Prostate Cancer Screenings May Have No Mortality Benefits
Regular cancer screenings are sometimes touted as life-saving measures, but a new study finds there was no mortality benefit for men who had prostate cancer screenings compared with those who didn’t.
In the decade-long Prostate, Lung, Colorectal and Ovarian Cancer (PLCO) Screening Trial, men aged 55-74 with no prior history of these cancers underwent annual Prostate Specific Antigens (PSA) testing for six years and annual digital rectal exams for four years, while those in the control group received their usual medical care, which for some men also included screening.

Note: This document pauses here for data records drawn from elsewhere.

(* With [v] and [W :\ w0] blue, any [w1 \in W :\ w0] forces [w0]: its
   neighbours all lie in the clique [B]. *)
Lemma force_w0 (Y : {set T}) :
  Y \subset V -> v \in Y -> W :\ w0 \subset Y -> connect (force e V) Y (Y :|: W).
Proof.
move=> YV vY WY; rewrite -(setD1K w0W) setUCA (setUidPl WY).
have [w0Y|w0Y] := boolP (w0 \in Y).
  by rewrite (setUidPr _) ?sub1set //; apply: connect0.
have [w1 w1W] : exists w1, w1 \in W :\ w0.
  apply/set0Pn; rewrite -card_gt0; have := cardsD1 w0 W; rewrite w0W cardW.
  by have := B_ge3; lia.
have /setD1P [w10 w1W'] := w1W; have /setD1P [_ w1B] := w1W'.
have /setD1P [_ w0B] := w0W.
apply: connect1; apply: (forceP (u := w1)).
- exact: (subsetP WY).
- exact: (subsetP BV).
- exact: (subsetP BV).
- exact: w0Y.
- exact: clique_adj cliqB w1B w0B w10.
move=> y yV yY ew1y; have yB := closedW w1W' yV ew1y.
have yv : y != v by apply: (contraNneq _ yY) => ->.
apply/eqP; apply: contraNT yY => yw0; apply: (subsetP WY).
by rewrite !inE yw0 yv yB.
Qed.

When this study was deemed too short to determine longer-range outcomes, the men were followed for an additional three years. And although researchers found a statistically significant 12 percent increase in the incidence rate of prostate cancer and a non-statistically significant decrease in the incidence of high-grade prostate cancer in the screening group, there was no difference in mortality rates between that group and the one that had typical medical care.
Specifically, of the 4,250 prostate cancer case patients diagnosed in the screening group, 10.7 percent died of causes other than the cancer types studied, while 9.9 percent of the 3,815 men who were diagnosed with prostate cancer in the control group also died of other causes.
The authors of the study, published in the Journal of the National Cancer Institute, wrote, “Improvements in prostate cancer treatment are probably at least in part responsible for declining prostate cancer mortality rates. Even if life is only prolonged by therapy, the opportunities for competing causes of death increase, especially among older men.”
The United States Preventive Services Task Force, an independent group that advises the government on health related issues, recommended against regular screening for prostate cancer in men under the age of 75. The agency found screening caused more harm than it saved lives as a side effects of screening includes impotence and urinary incontinence.